Looking in indexes: https://pypi.org/simple, https://us-python.pkg.dev/colab-wheels/public/simple/


In [33]:
import re
import nltk
import logging
import warnings
import numpy as np
import pandas as pd
from tqdm import tqdm
import tensorflow as tf
tf.gfile = tf.io.gfile
import tensorflow_hub as hub
from bert import tokenization
from keras.models import Model        
from nltk.corpus import stopwords 
from nltk.tokenize import word_tokenize
from keras.callbacks import EarlyStopping            
from nltk.stem.porter import PorterStemmer
from keras.layers import Input, Dense, Dropout
from tensorflow.keras.utils import to_categorical

warnings.filterwarnings("ignore", category = UserWarning, module = 'bs4')

In [34]:
logging.basicConfig(level=logging.INFO)
module_url = "https://tfhub.dev/tensorflow/bert_en_uncased_L-24_H-1024_A-16/1"
bert_layer = hub.KerasLayer(module_url, trainable=True)

In [35]:
train = pd.read_csv('data.csv')
train.columns = ['Phrase', 'Sentiment']

In [36]:
def clean(df):
  nltk.download('stopwords')
  for i in range(df.shape[0]):
    review = re.sub('[^a-zA-Z]', ' ', df['Phrase'][i])
    review = review.lower()
    review = review.split()
    ps = PorterStemmer()
    all_stopwords = stopwords.words('english')
    all_stopwords.remove('not')
    review = [ps.stem(word) for word in review if not word in set(all_stopwords)]
    review = ' '.join(review)
    df['Phrase'][i] = review
  return df

In [37]:
data = clean(train)
train = data
encoded_dict = {'negative': 0, 'neutral': 1, 'positive': 2}
train['Sentiment'] = train.Sentiment.map(encoded_dict)
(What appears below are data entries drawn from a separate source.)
(* Let $G=(\mathbb Z/a_1\mathbb Z)\times\dots\times(\mathbb Z/a_r\mathbb Z)$ be a finite Abelian group, let $f,g:G\to\mathbb C$ and let $n\ge 1$. Then $M_n(f;x_1,\dots,x_{n-1})=M_n(g;x_1,\dots,x_{n-1})$ for all $x_1,\dots,x_{n-1}\in G$ if and only if $\widehat f(x_1)\cdots\widehat f(x_n)=\widehat g(x_1)\cdots\widehat g(x_n)$ for all $x_1,\dots,x_n\in G$ with $x_1+\dots+x_n=0$.
   Context: Elements of $G$ are tuples $x=(x[1],\dots,x[r])$ with componentwise addition modulo $a_k$. Define $\chi(x,y)=\exp\left(2\pi i\sum_{k=1}^r \frac{x[k]y[k]}{a_k}\right)$. The discrete Fourier transform of $f$ is $\widehat f(x)=\sum_{y\in G}f(y)\overline{\chi(x,y)}$. The $n$-th autocorrelation is $M_n(f;x_1,\dots,x_{n-1})=\sum_{y\in G}f(y)f(y+x_1)\cdots f(y+x_{n-1})$. *)

From HB Require Import structures.
From mathcomp Require Import all_boot all_order all_algebra.
From mathcomp Require Import complex.
From mathcomp Require Import reals trigo.
Set Implicit Arguments. Unset Strict Implicit. Unset Printing Implicit Defensive.
Import Order.TTheory GRing.Theory Num.Theory.
Local Open Scope ring_scope.
Local Open Scope complex_scope.

(* The group G = Z/a_1 x ... x Z/a_r : tuples x with x[k] in {0,..,a_k - 1}. *)
Definition Gab (r : nat) (a : 'I_r -> nat) : finType :=
  {dffun forall k : 'I_r, 'I_(a k)}.

Lemma ord_pos' (m : nat) (i : 'I_m) : (0 < m)%N.
Proof. exact: leq_ltn_trans (leq0n i) (ltn_ord i). Qed.

Definition addI (m : nat) (i j : 'I_m) : 'I_m :=
  Ordinal (ltn_pmod (i + j)%N (ord_pos' i)).

Definition addG r (a : 'I_r -> nat) (x y : Gab a) : Gab a :=
  finfun (fun k => addI (x k) (y k)) : {dffun forall k : 'I_r, 'I_(a k)}.

Definition e2pi (R : realType) (t : R) : R[i] :=
  (cos (2 * pi * t) +i* sin (2 * pi * t))%C.

Definition chi (R : realType) r (a : 'I_r -> nat) (x y : Gab a) : R[i] :=
  e2pi (\sum_(k < r) ((nat_of_ord (x k) * nat_of_ord (y k))%:R / (a k)%:R : R)).

Definition dft (R : realType) r (a : 'I_r -> nat) (f : Gab a -> R[i]) (x : Gab a)
  : R[i] := \sum_(y : Gab a) f y * (@chi R r a x y)^*.

(* n-th autocorrelation M_n(f; x_1,...,x_{n-1}) = sum_y f(y) f(y+x_1)...f(y+x_{n-1});
   xs i stands for x_{i+1}, i < n-1 *)
Definition autocorr (R : realType) r (a : 'I_r -> nat) (n : nat)
  (f : Gab a -> R[i]) (xs : 'I_n.-1 -> Gab a) : R[i] :=
  \sum_(y : Gab a) f y * \prod_(i < n.-1) f (addG y (xs i)).

From HB Require Import structures.
From mathcomp Require Import all_boot all_order all_algebra.
From mathcomp Require Import complex.
From mathcomp Require Import reals trigo.
From mathcomp Require Import ring lra.
Import Order.TTheory GRing.Theory Num.Theory.
Set Implicit Arguments. Unset Strict Implicit. Unset Printing Implicit Defensive.
Local Open Scope ring_scope.

(* For n = m + 1, regard x |-> M_n(f; x) as a function on G^m.  Its Fourier
   transform on G^m at u is fhat(u_1) ... fhat(u_m) fhat(-(u_1 + ... + u_m)):
   after exchanging the sums over x and y, the sum over x factors into m sums
   over G, the i-th of which is chi(u_i, y) fhat(u_i) by translation, and the
   characters chi(u_i, y) multiply to chi(u_1 + ... + u_m, y).  By Fourier
   inversion on G^m, M_n(f) = M_n(g) iff these transforms agree, and the tuples
   (u_1, ..., u_m, -(u_1 + ... + u_m)) are exactly the n-tuples with zero sum. *)

Section Exponential.
Variable R : realType.
Implicit Types s t : R.

Lemma e2pi0 : e2pi (0 : R) = 1.
Proof. by rewrite /e2pi mulr0 cos0 sin0. Qed.

Lemma e2piD s t : e2pi (s + t) = e2pi s * e2pi t.
Proof. by rewrite /e2pi; simpc; rewrite mulrDr cosD sinD; congr (_ +i* _)%C; ring. Qed.

Lemma e2pi_nat m : e2pi (m%:R : R) = 1.
Proof.
elim: m => [|m IHm]; first exact: e2pi0.
by rewrite -addn1 natrD e2piD IHm mul1r /e2pi mulr1 mulr_natl cos2pi sin2pi.
Qed.

Lemma e2pi_neq1 t : 0 < t < 1 -> e2pi t != 1.
Proof.
move=> /andP[t_gt0 t_lt1]; apply/eqP; rewrite /e2pi => -[].
have -> : 2 * pi * t = (pi * t) *+ 2 by rewrite mulr_natl -mulrnAl.
rewrite cos_mulr2n => cos_eq _.
have sin_gt0 : 0 < sin (pi * t).
  by apply: sin_gt0_pi; rewrite mulr_gt0 ?pi_gt0 //= -[ltRHS]mulr1 ltr_pM2l ?pi_gt0.
have := sin2cos2 (pi * t).
have -> : cos (pi * t) ^+ 2 = 1 by move: cos_eq; lra.
by rewrite subrr => /eqP; rewrite sqrf_eq0 => /eqP sin0; rewrite sin0 ltxx in sin_gt0.
Qed.

Lemma mul_conj_e2pi t : (e2pi t)^* * e2pi t = 1.
Proof.
rewrite /e2pi -[Num.conj _]/(conjc _); simpc; congr (_ +i* _)%C; last by ring.
by rewrite -!expr2 cos2Dsin2.
Qed.

End Exponential.

Section ExtendLast.
Variables (T V : Type) (idx : V) (op : Monoid.law idx) (m : nat) (H : T -> V).

Definition extend_last (u : 'I_m -> T) (z : T) (j : 'I_m.+1) : T :=
  if unlift ord_max j is Some i then u i else z.

Lemma big_extend_last u z :
  \big[op/idx]_(j < m.+1) H (extend_last u z j) = op (\big[op/idx]_(i < m) H (u i)) (H z).
Proof.
rewrite big_ord_recr /extend_last unlift_none; congr (op _ _); apply: eq_bigr => i _.
have -> : widen_ord (leqnSn m) i = lift ord_max i by apply: ord_inj; rewrite lift_max.
by rewrite liftK.
Qed.

End ExtendLast.

Section FiniteAbelianGroup.
Variables (r : nat) (a : 'I_r -> nat).
Hypothesis a_gt0 : forall k, (0 < a k)%N.
Local Notation G := (Gab a).
Implicit Types x y z : G.

Definition zeroG : G := finfun (fun k => Ordinal (a_gt0 k)).
Definition oppG x : G := finfun (fun k => Ordinal (ltn_pmod (a k - x k)%N (a_gt0 k))).
Definition sumG m (u : 'I_m -> G) : G := \big[@addG r a/zeroG]_(i < m) u i.

Lemma Gab_inj x y : (forall k, x k = y k :> nat) -> x = y.
Proof. by move=> eq_xy; apply/ffunP => k; apply/val_inj; exact: eq_xy. Qed.

Lemma addGE x y k : (addG x y k = (x k + y k) %% a k :> nat)%N.
Proof. by rewrite ffunE. Qed.

Lemma zeroGE k : (zeroG k = 0 :> nat)%N.
Proof. by rewrite ffunE. Qed.

Lemma oppGE x k : (oppG x k = (a k - x k) %% a k :> nat)%N.
Proof. by rewrite ffunE. Qed.

Lemma sumGE m (u : 'I_m -> G) k : (sumG u k = (\sum_(i < m) u i k) %% a k :> nat)%N.
Proof.
elim: m u => [|m IHm] u; first by rewrite /sumG !big_ord0 zeroGE mod0n.
by rewrite /sumG !big_ord_recl addGE -/(sumG _) IHm modnDmr.
Qed.

Lemma addGC x y : addG x y = addG y x.
Proof. by apply: Gab_inj => k; rewrite !addGE addnC. Qed.

Lemma addGA x y z : addG x (addG y z) = addG (addG x y) z.
Proof. by apply: Gab_inj => k; rewrite !addGE modnDmr modnDml addnA. Qed.

Lemma add0G x : addG zeroG x = x.
Proof. by apply: Gab_inj => k; rewrite addGE zeroGE add0n modn_small. Qed.

HB.instance Definition _ := Monoid.isComLaw.Build G zeroG (@addG r a) addGA addGC add0G.

Lemma addNG x : addG (oppG x) x = zeroG.
Proof.
by apply: Gab_inj => k; rewrite addGE oppGE zeroGE modnDml subnK ?modnn // ltnW.
Qed.

Lemma addGN x : addG x (oppG x) = zeroG.
Proof. by rewrite addGC addNG. Qed.

Lemma addKG x y : addG (oppG x) (addG x y) = y.
Proof. by rewrite addGA addNG add0G. Qed.

Lemma addG_eq0 x y : (addG x y = zeroG) <-> (y = oppG x).
Proof.
split=> [xy0 | ->]; last by rewrite addGC addNG.
by rewrite -(addKG x y) xy0 addGC add0G.
Qed.

Lemma oppGK x : oppG (oppG x) = x.
Proof. by apply/esym/addG_eq0; rewrite addNG. Qed.

Lemma sumG_eq0 m (u : 'I_m -> G) :
  (sumG u = zeroG) <-> (forall k, (\sum_(i < m) u i k) %% a k = 0)%N.
Proof.
split=> [u0 k | u0]; first by rewrite -sumGE u0 zeroGE.
by apply: Gab_inj => k; rewrite sumGE zeroGE u0.
Qed.

Lemma sum_addG (V : nmodType) (F : G -> V) z : \sum_y F (addG z y) = \sum_y F y.
Proof.
have addG_inj : injective (addG z) by move=> x y /(congr1 (addG (oppG z))); rewrite !addKG.
by rewrite [RHS](reindex_inj addG_inj).
Qed.

Lemma eq_prod_zero_sum (S : pzSemiRingType) m (F F' : G -> S) :
  (forall xs : 'I_m.+1 -> G, sumG xs = zeroG -> \prod_j F (xs j) = \prod_j F' (xs j)) <->
  (forall u : {ffun 'I_m -> G},
     \prod_i F (u i) * F (oppG (sumG u)) = \prod_i F' (u i) * F' (oppG (sumG u))).
Proof.
split=> [eqF u | eqF xs xs_sum0].
  have := eqF (extend_last u (oppG (sumG u))); rewrite !big_extend_last; apply.
  by rewrite /sumG (big_extend_last _ id); apply: addGN.
pose u := [ffun i => xs (widen_ord (leqnSn m) i)].
have xs_max : xs ord_max = oppG (sumG u).
  apply/addG_eq0; rewrite -xs_sum0 /sumG [RHS]big_ord_recr /=.
  by congr addG; apply: eq_bigr => i _; rewrite ffunE.
have prodE (H : G -> S) : \prod_j H (xs j) = \prod_i H (u i) * H (oppG (sumG u)).
  by rewrite big_ord_recr xs_max; congr (_ * _); apply: eq_bigr => i _; rewrite ffunE.
by rewrite !prodE eqF.
Qed.

Section Characters.
Variable R : realType.
Local Notation ch := (@chi R r a).

Lemma chiE x y : ch x y = \prod_k e2pi ((x k * y k)%N%:R / (a k)%:R).
Proof. by rewrite /chi (big_morph _ (@e2piD R) (e2pi0 R)). Qed.

Lemma chiC x y : ch x y = ch y x.
Proof. by rewrite !chiE; apply: eq_bigr => k _; rewrite mulnC. Qed.

Lemma chiDr x y z : ch x (addG y z) = ch x y * ch x z.
Proof.
rewrite !chiE -big_split /=; apply: eq_bigr => k _; rewrite addGE -e2piD.
have a_neq0 : (a k)%:R != 0 :> R by rewrite pnatr_eq0 -lt0n.
rewrite -mulrDl -natrD -mulnDr {2}(divn_eq (y k + z k) (a k)) mulnDr mulnA.
by rewrite natrD mulrDl (natrM _ _ (a k)) mulfK // e2piD e2pi_nat mul1r.
Qed.

Lemma chiDl x y z : ch (addG x y) z = ch x z * ch y z.
Proof. by rewrite chiC chiDr !(chiC z). Qed.

Lemma chi0r x : ch x zeroG = 1.
Proof. by rewrite chiE big1 // => k _; rewrite zeroGE muln0 mul0r e2pi0. Qed.

Lemma chi0l y : ch zeroG y = 1.
Proof. by rewrite chiC chi0r. Qed.

Lemma chi_sumG m (u : 'I_m -> G) y : ch (sumG u) y = \prod_i ch (u i) y.
Proof. rewrite /sumG; exact: (big_morph (ch^~ y) (fun x x' => chiDl x x' y) (chi0l y)). Qed.

Lemma mul_conj_chi x y : (ch x y)^* * ch x y = 1.
Proof. by rewrite chiE rmorph_prod -big_split; apply: big1 => k _; apply: mul_conj_e2pi. Qed.

Lemma conj_chi x y : (ch x y)^* = ch x (oppG y).
Proof.
by rewrite -[LHS]mulr1 -(chi0r x) -(addGN y) chiDr mulrA mul_conj_chi mul1r.
Qed.

Lemma conj_chiNl x y : (ch (oppG x) y)^* = ch x y.
Proof. by rewrite chiC conj_chi oppGK chiC. Qed.

Lemma chi_nontrivial y : y != zeroG -> exists e, ch e y != 1.
Proof.
move=> y_neq0; have [k yk_neq0 | y0] := pickP (fun k => y k != 0%N :> nat); last first.
  by case/eqP: y_neq0; apply: Gab_inj => k; rewrite zeroGE; apply/eqP/negbFE/y0.
have ak_gt1 : (1 < a k)%N by apply: leq_ltn_trans (ltn_ord (y k)); rewrite lt0n.
(* e is the k-th unit vector, so ch e y = e2pi (y_k / a_k) with 0 < y_k / a_k < 1. *)
pose e : G := finfun (fun j => Ordinal (ltn_pmod (j == k) (a_gt0 j))).
exists e; rewrite chiE (bigD1 k) //= big1 ?mulr1 => [|j /negbTE jk]; last first.
  by rewrite ffunE /= jk mod0n mul0n mul0r e2pi0.
rewrite ffunE /= eqxx modn_small // mul1n; apply: e2pi_neq1.
by rewrite divr_gt0 ?ltr0n ?a_gt0 ?lt0n //= ltr_pdivrMr ?ltr0n // mul1r ltr_nat.
Qed.

Lemma sum_chi y : \sum_x ch x y = if y == zeroG then #|G|%:R else 0.
Proof.
have [-> | /chi_nontrivial[e chi_e]] := eqVneq y zeroG.
  by rewrite (eq_bigr (fun _ => 1)) ?sumr_const // => x _; rewrite chi0r.
(* translating by e multiplies the sum by ch e y != 1 *)
have : \sum_x ch x y = ch e y * \sum_x ch x y.
  by rewrite -{1}(sum_addG (ch^~ y) e) mulr_sumr; apply: eq_bigr => x _; rewrite chiDl.
move/eqP; rewrite -subr_eq0 -{1}(mul1r (\sum_x _)) -mulrBl mulf_eq0 subr_eq0.
by rewrite eq_sym (negbTE chi_e) => /eqP.
Qed.

Lemma chi_orthogonal x z :
  \sum_v (ch v x)^* * ch v z = if z == x then #|G|%:R else 0.
Proof.
have -> : (z == x) = (addG (oppG x) z == zeroG).
  by apply/eqP/eqP => [-> | /addG_eq0]; [rewrite addNG | rewrite oppGK].
by rewrite -sum_chi; apply: eq_bigr => v _; rewrite conj_chi -chiDr addGC.
Qed.

(* [dft] is defined with [conjc]; this restates it with [Num.conj]. *)
Lemma dftE (f : G -> R[i]) w : dft f w = \sum_y f y * (ch w y)^*.
Proof. by []. Qed.

Lemma dft_translate (f : G -> R[i]) w y :
  \sum_z f (addG y z) * (ch w z)^* = ch w y * dft f w.
Proof.
rewrite dftE -(sum_addG (fun z => f z * (ch w z)^*) y) mulr_sumr.
apply: eq_bigr => z _; rewrite chiDr rmorphM /= -[LHS]mulr1 -(mul_conj_chi w y); ring.
Qed.

Lemma autocorr_ffun m (f : G -> R[i]) (xs : 'I_m -> G) :
  autocorr (n := m.+1) f (finfun xs) = autocorr (n := m.+1) f xs.
Proof. by apply: eq_bigr => y _; congr (_ * _); apply: eq_bigr => i _; rewrite ffunE. Qed.

Definition dft_tuple m (F : {ffun 'I_m -> G} -> R[i]) (u : {ffun 'I_m -> G}) : R[i] :=
  \sum_x F x * \prod_i (ch (u i) (x i))^*.

Lemma dft_tuple_autocorr m (f : G -> R[i]) (u : {ffun 'I_m -> G}) :
  dft_tuple (fun x : {ffun 'I_m -> G} => autocorr (n := m.+1) f x) u =
  \prod_i dft f (u i) * dft f (oppG (sumG u)).
Proof.
have inner y : \sum_(x : {ffun 'I_m -> G}) \prod_i (f (addG y (x i)) * (ch (u i) (x i))^*)
    = \prod_i ch (u i) y * \prod_i dft f (u i).
  rewrite -big_split /=; under [RHS]eq_bigr => i _ do rewrite -dft_translate.
  by rewrite bigA_distr_bigA.
rewrite /dft_tuple /autocorr; under [LHS]eq_bigr => x _ do rewrite mulr_suml.
rewrite exchange_big /= mulrC dftE mulr_suml; apply: eq_bigr => y _.
under eq_bigr => x _ do rewrite -mulrA -big_split.
by rewrite -mulr_sumr inner -chi_sumG conj_chiNl mulrA.
Qed.

Lemma chi_orthogonal_tuple m (x z : {ffun 'I_m -> G}) :
  \sum_(u : {ffun 'I_m -> G}) \prod_i ((ch (u i) (x i))^* * ch (u i) (z i)) =
  if z == x then #|G|%:R ^+ m else 0.
Proof.
transitivity (\prod_i \sum_v (ch v (x i))^* * ch v (z i)); first by rewrite bigA_distr_bigA.
under eq_bigr => i _ do rewrite chi_orthogonal.
have [-> | z_neq_x] := eqVneq z x.
  by rewrite (eq_bigr (fun=> #|G|%:R)) ?prodr_const ?card_ord // => i _; rewrite eqxx.
have [i /negbTE zi_neq_xi] : exists i, z i != x i.
  apply/existsP; apply: contraNT z_neq_x => /existsPn eq_zx.
  by apply/eqP/ffunP => i; apply/eqP/negbNE/eq_zx.
by rewrite (bigD1 i) //= zi_neq_xi mul0r.
Qed.

Lemma dft_tuple_inversion m (F : {ffun 'I_m -> G} -> R[i]) (z : {ffun 'I_m -> G}) :
  \sum_u dft_tuple F u * \prod_i ch (u i) (z i) = #|G|%:R ^+ m * F z.
Proof.
have sum_u (x : {ffun 'I_m -> G}) :
    \sum_(u : {ffun 'I_m -> G}) F x * \prod_i (ch (u i) (x i))^* * \prod_i ch (u i) (z i)
    = F x * (if z == x then #|G|%:R ^+ m else 0).
  by rewrite -chi_orthogonal_tuple mulr_sumr; apply: eq_bigr => u _; rewrite big_split mulrA.
rewrite /dft_tuple; under eq_bigr => u _ do rewrite mulr_suml.
rewrite exchange_big /=; under eq_bigr => x _ do rewrite sum_u.
rewrite (bigD1 z) //= eqxx big1 ?addr0 1?mulrC // => x.
by rewrite eq_sym => /negbTE ->; rewrite mulr0.
Qed.

Lemma dft_tuple_inj m (F F' : {ffun 'I_m -> G} -> R[i]) :
  dft_tuple F =1 dft_tuple F' -> F =1 F'.
Proof.
move=> eq_dft_tuple z; have card_neq0 : #|G|%:R ^+ m != 0 :> R[i].
  by rewrite expf_neq0 // pnatr_eq0 -lt0n; apply/card_gt0P; exists zeroG.
apply: (mulfI card_neq0); rewrite -!dft_tuple_inversion.
by apply: eq_bigr => u _; rewrite eq_dft_tuple.
Qed.

End Characters.
End FiniteAbelianGroup.

Theorem corollary1 (R : realType) (r : nat) (a : 'I_r -> nat)
  (ha : forall k, (0 < a k)%N) (f g : Gab a -> R[i]) (n : nat) (hn : (1 <= n)%N) :
  (forall xs : 'I_n.-1 -> Gab a, autocorr f xs = autocorr g xs) <->
  (forall xs : 'I_n -> Gab a,
     (forall k : 'I_r, (\sum_(j < n) nat_of_ord (xs j k)) %% a k = 0)%N ->
     \prod_(j < n) dft f (xs j) = \prod_(j < n) dft g (xs j)).
Proof.
case: n hn => // m _.
pose M (h : Gab a -> R[i]) (x : {ffun 'I_m -> Gab a}) := autocorr (n := m.+1) h x.
have eqM_dft : (forall xs : 'I_m.+1.-1 -> Gab a, autocorr f xs = autocorr g xs) <->
    (forall u, dft_tuple (M f) u = dft_tuple (M g) u).
  split=> [eqM u | /(dft_tuple_inj ha) eqM xs]; first by apply: eq_bigr => x _; rewrite /M eqM.
  by rewrite -(autocorr_ffun f) -(autocorr_ffun g); apply: eqM.
split=> [/eqM_dft eq_dft_tuple xs /(sumG_eq0 ha) | eq_prod].
  move: xs; apply/(eq_prod_zero_sum ha) => u.
  by rewrite -!dft_tuple_autocorr; apply: eq_dft_tuple.
apply/eqM_dft => u; rewrite !dft_tuple_autocorr; move: u.
by apply/(eq_prod_zero_sum ha) => xs /(sumG_eq0 ha); apply: eq_prod.
Qed.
[nltk_data] Downloading package stopwords to /root/nltk_data...
[nltk_data]   Package stopwords is already up-to-date!


In [38]:
vocab_file = bert_layer.resolved_object.vocab_file.asset_path.numpy()
do_lower_case = bert_layer.resolved_object.do_lower_case.numpy()
tokenizer = tokenization.FullTokenizer(vocab_file, do_lower_case)

def bert_encode(texts, tokenizer, max_len=512):
  all_tokens = []
  all_masks = []
  all_segments = []
  
  for text in texts:
    text = tokenizer.tokenize(text)
        
    text = text[:max_len-2]
    input_sequence = ["[CLS]"] + text + ["[SEP]"]
    pad_len = max_len - len(input_sequence)
    
    tokens = tokenizer.convert_tokens_to_ids(input_sequence) + [0] * pad_len
    pad_masks = [1] * len(input_sequence) + [0] * pad_len
    segment_ids = [0] * max_len
    
    all_tokens.append(tokens)
    all_masks.append(pad_masks)
    all_segments.append(segment_ids)
  
  return np.array(all_tokens), np.array(all_masks), np.array(all_segments)

def build_model(bert_layer, max_len = 512):
  input_word_ids = Input(shape = (max_len,), dtype = tf.int32, name = "input_word_ids")
  input_mask = Input(shape = (max_len,), dtype = tf.int32, name = "input_mask")
  segment_ids = Input(shape = (max_len,), dtype = tf.int32, name = "segment_ids")

  pooled_output, sequence_output = bert_layer([input_word_ids, input_mask, segment_ids])
  clf_output = sequence_output[:, 0, :]
  net = Dense(64, activation = 'relu')(clf_output)
  net = Dropout(0.2)(net)
  net = Dense(32, activation = 'relu')(net)
  net = Dropout(0.2)(net)
  out = Dense(3, activation = 'softmax')(net)
  
  model = Model(inputs = [input_word_ids, input_mask, segment_ids], outputs=out)
  model.compile(optimizer = 'adam', loss = 'categorical_crossentropy', metrics = ['accuracy'])
  
  return model

In [39]:
max_len = 150
train_input = bert_encode(train.Phrase.values, tokenizer, max_len = max_len)
train_labels = to_categorical(train.Sentiment.values, num_classes = 3)

model = build_model(bert_layer, max_len = max_len)
model.summary()

Model: "model_6"
__________________________________________________________________________________________________
 Layer (type)                   Output Shape         Param #     Connected to                     
 input_word_ids (InputLayer)    [(None, 150)]        0           []                               
                                                                                                  
 input_mask (InputLayer)        [(None, 150)]        0           []                               
                                                                                                  
 segment_ids (InputLayer)       [(None, 150)]        0           []                               
                                                                                                  
 keras_layer_1 (KerasLayer)     [(None, 1024),       335141889   ['input_word_ids[0][0]',         
                                 (None, 150, 1024)]               'input_mask[0][0]',       

In [42]:
earlystopping = EarlyStopping(monitor='val_accuracy', patience=5, verbose=1)

train_history = model.fit(
    train_input, train_labels, 
    validation_split=0.2,
    epochs=3,
    callbacks=[earlystopping],
    batch_size=8,
    verbose=1
)

Epoch 1/3
Epoch 2/3
Epoch 3/3